### WHAT TO PRODUCE:
When you spot the word "normedModType" in a line of the data below, copy that line.

(Beginning of DATASET)

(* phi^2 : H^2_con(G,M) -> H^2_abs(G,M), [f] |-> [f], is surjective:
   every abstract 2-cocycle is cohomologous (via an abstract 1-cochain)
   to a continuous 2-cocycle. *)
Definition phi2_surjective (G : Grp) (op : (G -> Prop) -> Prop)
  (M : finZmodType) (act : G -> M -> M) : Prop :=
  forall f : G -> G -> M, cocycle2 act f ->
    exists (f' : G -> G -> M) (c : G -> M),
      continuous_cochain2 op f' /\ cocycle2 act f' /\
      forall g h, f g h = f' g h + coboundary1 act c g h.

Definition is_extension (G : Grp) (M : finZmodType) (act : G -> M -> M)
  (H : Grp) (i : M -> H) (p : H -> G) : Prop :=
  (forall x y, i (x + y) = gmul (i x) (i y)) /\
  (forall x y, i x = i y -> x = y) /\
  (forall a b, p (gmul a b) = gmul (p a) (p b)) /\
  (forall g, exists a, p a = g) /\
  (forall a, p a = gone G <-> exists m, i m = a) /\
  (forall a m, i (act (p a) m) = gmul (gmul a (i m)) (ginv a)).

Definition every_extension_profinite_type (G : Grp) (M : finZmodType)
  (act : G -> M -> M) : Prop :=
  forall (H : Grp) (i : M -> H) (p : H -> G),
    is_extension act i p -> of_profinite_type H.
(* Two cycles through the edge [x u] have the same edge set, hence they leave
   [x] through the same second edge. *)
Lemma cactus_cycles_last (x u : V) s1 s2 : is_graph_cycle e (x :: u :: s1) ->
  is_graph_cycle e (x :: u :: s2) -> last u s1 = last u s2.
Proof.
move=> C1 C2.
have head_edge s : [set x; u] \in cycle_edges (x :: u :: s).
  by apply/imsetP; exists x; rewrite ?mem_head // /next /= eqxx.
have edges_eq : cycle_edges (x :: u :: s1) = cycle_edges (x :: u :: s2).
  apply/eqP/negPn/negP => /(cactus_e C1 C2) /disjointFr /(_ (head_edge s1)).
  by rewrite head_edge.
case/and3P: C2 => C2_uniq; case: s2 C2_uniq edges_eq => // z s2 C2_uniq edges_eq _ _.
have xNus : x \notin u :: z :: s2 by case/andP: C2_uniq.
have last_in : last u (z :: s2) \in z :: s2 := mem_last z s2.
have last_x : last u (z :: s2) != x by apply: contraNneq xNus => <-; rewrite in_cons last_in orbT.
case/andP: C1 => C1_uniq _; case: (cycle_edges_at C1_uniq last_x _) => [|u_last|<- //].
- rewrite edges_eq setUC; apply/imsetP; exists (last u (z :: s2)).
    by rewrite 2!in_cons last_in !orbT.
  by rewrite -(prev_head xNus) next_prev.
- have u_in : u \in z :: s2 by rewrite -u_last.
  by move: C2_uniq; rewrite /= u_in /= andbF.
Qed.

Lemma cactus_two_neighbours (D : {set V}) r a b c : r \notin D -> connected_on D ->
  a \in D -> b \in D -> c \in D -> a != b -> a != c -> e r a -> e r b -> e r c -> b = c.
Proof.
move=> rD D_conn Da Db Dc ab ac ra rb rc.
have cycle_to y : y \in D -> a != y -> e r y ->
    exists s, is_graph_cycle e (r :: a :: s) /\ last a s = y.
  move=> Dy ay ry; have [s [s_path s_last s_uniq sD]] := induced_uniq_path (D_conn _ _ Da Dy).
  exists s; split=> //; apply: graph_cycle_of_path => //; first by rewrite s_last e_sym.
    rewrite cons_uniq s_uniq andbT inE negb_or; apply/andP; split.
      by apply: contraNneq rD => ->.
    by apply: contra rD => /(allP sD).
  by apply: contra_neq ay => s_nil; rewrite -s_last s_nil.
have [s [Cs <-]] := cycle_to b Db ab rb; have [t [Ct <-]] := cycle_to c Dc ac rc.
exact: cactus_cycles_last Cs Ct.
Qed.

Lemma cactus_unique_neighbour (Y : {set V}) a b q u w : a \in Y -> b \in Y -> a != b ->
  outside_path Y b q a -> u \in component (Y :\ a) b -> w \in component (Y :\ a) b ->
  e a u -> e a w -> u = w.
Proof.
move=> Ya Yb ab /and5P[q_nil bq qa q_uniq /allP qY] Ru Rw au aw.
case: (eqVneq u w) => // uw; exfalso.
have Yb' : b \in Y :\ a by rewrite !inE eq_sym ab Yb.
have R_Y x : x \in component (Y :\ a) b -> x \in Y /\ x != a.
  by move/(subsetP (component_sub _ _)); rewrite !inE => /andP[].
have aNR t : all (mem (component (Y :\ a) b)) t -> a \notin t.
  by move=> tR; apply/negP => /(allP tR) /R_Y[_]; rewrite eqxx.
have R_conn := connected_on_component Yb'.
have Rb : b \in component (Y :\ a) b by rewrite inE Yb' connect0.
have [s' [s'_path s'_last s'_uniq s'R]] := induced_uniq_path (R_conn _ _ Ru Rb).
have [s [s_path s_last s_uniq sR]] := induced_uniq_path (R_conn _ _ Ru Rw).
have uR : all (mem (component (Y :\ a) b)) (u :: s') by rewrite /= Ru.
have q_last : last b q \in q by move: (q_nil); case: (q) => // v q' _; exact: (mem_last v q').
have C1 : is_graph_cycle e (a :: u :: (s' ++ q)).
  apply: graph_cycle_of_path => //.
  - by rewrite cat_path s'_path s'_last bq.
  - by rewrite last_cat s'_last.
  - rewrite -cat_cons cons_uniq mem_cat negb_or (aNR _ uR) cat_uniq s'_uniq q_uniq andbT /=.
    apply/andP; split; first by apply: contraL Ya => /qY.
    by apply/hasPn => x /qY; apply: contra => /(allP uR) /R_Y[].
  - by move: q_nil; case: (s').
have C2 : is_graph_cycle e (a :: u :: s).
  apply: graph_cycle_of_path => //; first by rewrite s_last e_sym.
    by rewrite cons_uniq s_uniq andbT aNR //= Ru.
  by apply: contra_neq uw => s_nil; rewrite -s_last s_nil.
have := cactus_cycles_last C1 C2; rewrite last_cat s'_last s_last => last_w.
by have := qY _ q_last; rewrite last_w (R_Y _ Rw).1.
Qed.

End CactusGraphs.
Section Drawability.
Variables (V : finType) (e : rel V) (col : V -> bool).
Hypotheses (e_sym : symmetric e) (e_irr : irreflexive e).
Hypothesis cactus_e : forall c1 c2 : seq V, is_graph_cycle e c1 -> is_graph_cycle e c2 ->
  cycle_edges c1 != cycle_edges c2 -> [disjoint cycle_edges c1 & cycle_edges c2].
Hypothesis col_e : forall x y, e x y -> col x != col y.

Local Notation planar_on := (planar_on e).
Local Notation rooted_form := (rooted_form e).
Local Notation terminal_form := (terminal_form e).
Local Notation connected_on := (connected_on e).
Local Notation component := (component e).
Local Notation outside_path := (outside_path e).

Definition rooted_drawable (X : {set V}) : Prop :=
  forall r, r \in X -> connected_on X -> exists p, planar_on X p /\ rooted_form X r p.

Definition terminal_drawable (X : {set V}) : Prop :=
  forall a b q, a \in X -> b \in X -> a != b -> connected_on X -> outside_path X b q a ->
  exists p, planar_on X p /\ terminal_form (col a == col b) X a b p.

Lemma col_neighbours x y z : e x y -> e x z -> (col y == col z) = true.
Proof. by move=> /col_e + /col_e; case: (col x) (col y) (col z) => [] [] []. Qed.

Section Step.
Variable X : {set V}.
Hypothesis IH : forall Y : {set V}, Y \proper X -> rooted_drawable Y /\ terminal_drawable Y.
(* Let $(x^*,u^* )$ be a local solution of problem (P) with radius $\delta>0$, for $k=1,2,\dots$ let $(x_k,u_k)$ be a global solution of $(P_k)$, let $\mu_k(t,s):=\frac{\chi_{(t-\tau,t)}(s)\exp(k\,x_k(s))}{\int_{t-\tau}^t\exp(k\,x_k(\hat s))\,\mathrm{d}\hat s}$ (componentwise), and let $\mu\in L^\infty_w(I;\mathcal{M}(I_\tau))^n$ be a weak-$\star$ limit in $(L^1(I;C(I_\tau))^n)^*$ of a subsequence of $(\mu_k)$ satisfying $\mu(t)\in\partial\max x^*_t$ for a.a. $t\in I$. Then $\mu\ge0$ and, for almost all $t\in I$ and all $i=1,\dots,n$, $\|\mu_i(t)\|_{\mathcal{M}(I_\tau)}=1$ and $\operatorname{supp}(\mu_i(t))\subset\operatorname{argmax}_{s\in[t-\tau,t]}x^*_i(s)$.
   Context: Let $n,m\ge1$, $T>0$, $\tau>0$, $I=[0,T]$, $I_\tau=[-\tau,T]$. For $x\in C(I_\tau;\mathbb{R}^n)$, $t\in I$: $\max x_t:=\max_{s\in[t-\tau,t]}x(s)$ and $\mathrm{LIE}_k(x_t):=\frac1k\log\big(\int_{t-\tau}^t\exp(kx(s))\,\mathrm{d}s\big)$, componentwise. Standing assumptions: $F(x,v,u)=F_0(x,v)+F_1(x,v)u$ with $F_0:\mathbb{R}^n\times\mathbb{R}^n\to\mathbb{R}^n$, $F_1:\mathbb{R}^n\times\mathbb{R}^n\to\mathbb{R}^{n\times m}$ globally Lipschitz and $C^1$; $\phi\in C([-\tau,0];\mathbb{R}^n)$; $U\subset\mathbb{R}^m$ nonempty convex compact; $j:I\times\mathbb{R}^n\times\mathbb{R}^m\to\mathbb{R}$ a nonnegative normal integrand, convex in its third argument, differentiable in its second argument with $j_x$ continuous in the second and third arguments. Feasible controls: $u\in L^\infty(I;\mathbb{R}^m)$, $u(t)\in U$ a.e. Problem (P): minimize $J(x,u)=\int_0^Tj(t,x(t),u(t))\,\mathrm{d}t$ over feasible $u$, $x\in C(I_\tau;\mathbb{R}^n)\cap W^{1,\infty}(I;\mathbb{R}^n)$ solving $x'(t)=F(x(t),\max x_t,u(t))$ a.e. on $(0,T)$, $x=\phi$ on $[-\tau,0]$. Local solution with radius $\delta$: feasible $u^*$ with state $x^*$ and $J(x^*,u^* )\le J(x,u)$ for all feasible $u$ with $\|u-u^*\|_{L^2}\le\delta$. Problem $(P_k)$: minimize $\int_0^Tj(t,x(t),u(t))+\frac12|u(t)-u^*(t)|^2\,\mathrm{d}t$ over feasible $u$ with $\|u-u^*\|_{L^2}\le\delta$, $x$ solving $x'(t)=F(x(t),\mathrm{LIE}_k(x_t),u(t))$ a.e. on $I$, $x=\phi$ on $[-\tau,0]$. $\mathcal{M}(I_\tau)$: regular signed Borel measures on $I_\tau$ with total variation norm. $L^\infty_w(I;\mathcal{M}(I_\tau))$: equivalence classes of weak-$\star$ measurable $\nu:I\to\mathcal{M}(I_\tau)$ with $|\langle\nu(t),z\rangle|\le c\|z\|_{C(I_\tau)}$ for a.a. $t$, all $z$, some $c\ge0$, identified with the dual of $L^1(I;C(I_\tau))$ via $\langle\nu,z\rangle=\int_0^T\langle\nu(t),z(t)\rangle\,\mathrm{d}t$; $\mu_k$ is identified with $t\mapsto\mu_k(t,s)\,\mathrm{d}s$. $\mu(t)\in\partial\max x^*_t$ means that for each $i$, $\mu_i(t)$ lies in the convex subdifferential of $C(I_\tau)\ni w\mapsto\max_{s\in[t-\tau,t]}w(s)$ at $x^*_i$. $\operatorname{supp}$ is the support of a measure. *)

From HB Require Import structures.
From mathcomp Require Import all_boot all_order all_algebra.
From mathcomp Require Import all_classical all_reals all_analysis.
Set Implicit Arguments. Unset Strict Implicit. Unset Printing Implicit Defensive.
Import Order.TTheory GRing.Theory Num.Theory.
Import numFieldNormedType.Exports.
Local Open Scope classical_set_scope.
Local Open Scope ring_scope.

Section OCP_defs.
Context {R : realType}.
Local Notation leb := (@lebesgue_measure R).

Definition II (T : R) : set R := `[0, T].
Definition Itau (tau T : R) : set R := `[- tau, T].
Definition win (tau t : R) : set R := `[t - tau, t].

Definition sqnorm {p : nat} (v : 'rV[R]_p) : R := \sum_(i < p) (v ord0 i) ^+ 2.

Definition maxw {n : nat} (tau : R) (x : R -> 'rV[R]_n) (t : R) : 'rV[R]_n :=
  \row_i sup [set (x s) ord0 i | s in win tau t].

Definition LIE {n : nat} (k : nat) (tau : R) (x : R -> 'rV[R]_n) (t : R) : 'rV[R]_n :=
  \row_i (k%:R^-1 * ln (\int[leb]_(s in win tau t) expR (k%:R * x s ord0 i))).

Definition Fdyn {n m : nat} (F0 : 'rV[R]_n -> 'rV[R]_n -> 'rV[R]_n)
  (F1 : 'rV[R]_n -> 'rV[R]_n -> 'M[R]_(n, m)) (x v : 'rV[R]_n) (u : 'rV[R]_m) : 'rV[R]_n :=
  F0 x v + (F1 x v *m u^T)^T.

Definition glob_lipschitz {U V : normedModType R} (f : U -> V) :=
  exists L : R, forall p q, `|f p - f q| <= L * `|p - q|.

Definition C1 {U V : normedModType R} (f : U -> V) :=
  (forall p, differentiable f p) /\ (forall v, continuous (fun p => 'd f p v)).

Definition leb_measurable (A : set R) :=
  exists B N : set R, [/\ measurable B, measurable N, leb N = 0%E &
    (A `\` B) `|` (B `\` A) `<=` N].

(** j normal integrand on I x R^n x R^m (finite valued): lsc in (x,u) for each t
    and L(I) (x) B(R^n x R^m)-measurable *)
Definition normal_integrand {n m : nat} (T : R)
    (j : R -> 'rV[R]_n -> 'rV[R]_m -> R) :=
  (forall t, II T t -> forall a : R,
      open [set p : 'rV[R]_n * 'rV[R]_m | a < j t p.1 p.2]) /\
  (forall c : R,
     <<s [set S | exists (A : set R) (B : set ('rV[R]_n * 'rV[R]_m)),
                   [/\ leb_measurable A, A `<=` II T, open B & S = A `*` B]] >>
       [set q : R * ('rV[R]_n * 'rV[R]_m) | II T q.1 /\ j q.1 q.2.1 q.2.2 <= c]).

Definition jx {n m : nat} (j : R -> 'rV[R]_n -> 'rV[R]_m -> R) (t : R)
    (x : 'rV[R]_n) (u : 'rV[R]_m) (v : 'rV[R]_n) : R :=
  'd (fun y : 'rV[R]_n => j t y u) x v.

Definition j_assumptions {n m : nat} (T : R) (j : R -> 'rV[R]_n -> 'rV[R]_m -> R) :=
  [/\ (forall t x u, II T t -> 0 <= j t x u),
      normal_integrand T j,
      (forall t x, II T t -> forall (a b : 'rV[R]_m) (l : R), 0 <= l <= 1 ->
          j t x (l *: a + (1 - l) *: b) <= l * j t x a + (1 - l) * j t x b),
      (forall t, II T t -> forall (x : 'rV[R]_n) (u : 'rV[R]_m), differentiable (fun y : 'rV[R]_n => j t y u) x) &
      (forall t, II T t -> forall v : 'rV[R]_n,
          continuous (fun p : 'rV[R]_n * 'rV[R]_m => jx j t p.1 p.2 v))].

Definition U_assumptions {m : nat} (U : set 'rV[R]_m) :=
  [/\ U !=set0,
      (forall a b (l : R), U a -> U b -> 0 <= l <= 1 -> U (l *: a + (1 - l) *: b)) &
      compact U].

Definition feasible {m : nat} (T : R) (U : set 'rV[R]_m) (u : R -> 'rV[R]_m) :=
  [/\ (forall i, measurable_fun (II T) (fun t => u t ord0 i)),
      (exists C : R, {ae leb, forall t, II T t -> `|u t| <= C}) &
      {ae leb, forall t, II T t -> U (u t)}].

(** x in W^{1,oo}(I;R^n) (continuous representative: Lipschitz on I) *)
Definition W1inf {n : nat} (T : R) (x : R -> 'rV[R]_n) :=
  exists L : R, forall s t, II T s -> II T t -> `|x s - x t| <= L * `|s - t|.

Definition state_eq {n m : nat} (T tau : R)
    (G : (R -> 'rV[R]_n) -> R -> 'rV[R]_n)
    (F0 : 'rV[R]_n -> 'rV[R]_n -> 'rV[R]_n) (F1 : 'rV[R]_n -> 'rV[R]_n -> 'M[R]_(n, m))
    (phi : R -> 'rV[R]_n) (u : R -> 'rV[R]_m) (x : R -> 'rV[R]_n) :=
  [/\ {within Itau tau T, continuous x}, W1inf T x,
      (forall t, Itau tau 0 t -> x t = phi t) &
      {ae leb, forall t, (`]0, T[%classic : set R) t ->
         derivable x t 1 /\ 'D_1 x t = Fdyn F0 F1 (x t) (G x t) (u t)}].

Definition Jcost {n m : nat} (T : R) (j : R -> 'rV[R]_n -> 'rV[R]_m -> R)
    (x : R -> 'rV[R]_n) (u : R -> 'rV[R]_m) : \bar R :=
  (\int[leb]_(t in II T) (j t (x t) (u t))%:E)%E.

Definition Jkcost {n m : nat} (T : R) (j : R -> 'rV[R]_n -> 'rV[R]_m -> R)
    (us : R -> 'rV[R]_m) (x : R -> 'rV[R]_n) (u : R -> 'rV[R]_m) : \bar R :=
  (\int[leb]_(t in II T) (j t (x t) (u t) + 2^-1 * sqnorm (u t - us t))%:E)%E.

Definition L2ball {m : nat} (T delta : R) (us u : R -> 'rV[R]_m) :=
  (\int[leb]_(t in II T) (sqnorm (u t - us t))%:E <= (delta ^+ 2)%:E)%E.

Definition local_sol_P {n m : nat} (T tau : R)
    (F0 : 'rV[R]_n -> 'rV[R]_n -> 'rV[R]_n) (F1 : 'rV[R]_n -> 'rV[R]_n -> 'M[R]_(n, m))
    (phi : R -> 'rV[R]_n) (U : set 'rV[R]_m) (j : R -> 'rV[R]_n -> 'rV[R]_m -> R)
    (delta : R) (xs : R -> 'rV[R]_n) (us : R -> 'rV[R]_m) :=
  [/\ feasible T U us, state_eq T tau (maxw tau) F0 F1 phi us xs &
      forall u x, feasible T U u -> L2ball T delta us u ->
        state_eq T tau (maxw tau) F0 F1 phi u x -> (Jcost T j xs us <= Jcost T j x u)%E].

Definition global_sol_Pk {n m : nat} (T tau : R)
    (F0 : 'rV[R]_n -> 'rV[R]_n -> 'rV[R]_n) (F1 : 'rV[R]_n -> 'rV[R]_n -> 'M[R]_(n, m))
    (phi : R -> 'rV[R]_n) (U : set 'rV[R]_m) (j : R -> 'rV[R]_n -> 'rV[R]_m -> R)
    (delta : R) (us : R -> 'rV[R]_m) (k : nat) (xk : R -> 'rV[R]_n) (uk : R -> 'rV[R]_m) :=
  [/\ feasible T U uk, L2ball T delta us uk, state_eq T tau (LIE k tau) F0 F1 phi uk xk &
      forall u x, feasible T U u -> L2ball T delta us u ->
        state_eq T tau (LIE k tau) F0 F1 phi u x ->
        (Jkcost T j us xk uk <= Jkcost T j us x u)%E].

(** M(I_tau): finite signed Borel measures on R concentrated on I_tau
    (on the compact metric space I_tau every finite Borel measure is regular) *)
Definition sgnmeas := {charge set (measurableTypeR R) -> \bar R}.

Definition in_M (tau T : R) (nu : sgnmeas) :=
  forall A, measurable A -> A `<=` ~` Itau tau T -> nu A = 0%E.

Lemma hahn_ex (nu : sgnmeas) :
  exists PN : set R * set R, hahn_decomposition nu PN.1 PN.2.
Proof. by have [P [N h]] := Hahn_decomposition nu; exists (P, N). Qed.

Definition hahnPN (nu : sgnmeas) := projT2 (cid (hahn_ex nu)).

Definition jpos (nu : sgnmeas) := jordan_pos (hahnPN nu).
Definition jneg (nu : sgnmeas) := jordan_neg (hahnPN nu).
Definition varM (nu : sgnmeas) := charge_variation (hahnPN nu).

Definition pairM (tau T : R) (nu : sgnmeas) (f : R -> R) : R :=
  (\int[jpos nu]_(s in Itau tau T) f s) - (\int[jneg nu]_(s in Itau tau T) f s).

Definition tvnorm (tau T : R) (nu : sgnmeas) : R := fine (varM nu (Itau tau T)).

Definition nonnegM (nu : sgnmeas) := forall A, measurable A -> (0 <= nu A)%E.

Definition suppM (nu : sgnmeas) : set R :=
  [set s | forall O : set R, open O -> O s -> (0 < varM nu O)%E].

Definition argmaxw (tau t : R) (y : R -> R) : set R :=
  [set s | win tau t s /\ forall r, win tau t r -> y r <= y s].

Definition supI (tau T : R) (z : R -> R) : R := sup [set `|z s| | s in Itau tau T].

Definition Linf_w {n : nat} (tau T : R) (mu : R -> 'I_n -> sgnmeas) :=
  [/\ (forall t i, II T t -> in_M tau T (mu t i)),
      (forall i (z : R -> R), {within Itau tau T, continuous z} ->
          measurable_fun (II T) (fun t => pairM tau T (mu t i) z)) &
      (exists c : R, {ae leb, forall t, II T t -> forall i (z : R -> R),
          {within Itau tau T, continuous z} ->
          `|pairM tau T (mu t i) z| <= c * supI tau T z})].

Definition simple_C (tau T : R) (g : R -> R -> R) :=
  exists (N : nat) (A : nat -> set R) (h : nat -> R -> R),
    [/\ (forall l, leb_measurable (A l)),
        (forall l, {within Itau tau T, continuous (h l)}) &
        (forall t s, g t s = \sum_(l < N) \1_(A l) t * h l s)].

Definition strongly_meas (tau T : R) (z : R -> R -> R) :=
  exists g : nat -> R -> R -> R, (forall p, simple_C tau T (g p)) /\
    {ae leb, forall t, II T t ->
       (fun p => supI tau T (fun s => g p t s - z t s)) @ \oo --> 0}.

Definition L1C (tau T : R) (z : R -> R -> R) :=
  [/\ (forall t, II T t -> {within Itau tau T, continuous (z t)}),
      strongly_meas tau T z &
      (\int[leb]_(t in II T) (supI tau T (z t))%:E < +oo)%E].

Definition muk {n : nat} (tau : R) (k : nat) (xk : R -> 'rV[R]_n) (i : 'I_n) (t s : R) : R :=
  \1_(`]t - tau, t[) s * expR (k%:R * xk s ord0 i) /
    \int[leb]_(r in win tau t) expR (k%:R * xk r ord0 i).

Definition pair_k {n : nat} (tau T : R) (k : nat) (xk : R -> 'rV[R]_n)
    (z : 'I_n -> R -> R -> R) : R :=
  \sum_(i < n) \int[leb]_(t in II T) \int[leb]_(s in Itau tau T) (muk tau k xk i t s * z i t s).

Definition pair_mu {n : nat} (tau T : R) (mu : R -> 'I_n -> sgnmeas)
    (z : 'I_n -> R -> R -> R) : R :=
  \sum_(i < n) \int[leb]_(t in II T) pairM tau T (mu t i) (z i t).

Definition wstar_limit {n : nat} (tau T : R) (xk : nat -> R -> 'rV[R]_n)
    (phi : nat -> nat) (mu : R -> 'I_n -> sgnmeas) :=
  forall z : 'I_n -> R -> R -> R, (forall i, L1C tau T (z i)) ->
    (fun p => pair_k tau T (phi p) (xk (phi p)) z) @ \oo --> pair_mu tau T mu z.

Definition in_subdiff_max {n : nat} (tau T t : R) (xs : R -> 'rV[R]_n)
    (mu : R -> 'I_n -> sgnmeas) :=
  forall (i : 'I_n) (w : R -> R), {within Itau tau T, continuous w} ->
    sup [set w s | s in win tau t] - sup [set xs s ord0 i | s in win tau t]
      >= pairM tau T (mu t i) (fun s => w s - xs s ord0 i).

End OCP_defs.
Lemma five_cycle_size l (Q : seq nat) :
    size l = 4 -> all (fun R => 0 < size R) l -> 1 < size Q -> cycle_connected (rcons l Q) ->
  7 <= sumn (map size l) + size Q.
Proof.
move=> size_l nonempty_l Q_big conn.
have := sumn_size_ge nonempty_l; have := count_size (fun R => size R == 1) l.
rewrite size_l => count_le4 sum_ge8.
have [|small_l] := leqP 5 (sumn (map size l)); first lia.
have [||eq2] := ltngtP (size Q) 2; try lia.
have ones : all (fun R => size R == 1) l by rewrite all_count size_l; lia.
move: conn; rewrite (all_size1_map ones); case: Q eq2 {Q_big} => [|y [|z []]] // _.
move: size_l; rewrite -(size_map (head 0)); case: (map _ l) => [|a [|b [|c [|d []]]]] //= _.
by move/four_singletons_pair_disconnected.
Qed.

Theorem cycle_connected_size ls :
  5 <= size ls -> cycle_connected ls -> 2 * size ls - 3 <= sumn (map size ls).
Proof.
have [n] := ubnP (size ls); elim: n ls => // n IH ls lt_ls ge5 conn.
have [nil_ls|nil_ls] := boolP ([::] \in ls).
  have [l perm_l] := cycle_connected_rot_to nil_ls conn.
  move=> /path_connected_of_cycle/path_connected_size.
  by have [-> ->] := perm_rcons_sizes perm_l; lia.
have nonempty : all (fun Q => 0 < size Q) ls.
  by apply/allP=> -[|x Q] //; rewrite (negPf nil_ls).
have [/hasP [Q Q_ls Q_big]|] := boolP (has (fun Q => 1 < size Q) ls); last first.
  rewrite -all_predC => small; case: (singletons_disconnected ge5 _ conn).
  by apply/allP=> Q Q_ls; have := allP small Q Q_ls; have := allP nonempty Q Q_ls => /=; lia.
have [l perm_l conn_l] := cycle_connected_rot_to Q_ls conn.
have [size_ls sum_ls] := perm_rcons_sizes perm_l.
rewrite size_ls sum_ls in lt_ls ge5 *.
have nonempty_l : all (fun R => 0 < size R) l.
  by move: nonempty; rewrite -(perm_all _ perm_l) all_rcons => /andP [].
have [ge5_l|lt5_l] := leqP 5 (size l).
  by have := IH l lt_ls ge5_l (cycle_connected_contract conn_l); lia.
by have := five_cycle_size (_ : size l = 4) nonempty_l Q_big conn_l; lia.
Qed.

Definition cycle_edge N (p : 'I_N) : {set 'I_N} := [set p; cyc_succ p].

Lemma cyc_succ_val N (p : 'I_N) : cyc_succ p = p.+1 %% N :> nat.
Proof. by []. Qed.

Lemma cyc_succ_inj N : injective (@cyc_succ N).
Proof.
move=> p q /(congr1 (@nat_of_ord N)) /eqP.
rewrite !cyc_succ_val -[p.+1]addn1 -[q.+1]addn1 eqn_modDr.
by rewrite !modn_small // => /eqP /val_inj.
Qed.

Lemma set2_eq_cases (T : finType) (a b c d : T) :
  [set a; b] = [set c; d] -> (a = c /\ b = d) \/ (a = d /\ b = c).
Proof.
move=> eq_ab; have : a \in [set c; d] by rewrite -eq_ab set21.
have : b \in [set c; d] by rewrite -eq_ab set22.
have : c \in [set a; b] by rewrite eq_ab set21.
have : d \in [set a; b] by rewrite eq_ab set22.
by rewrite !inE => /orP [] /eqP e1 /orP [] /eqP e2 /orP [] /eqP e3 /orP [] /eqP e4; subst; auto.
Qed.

(End of DATASET)

### EXERCISE SOLUTION:
Definition glob_lipschitz {U V : normedModType R} (f : U -> V) :=
Definition C1 {U V : normedModType R} (f : U -> V) :=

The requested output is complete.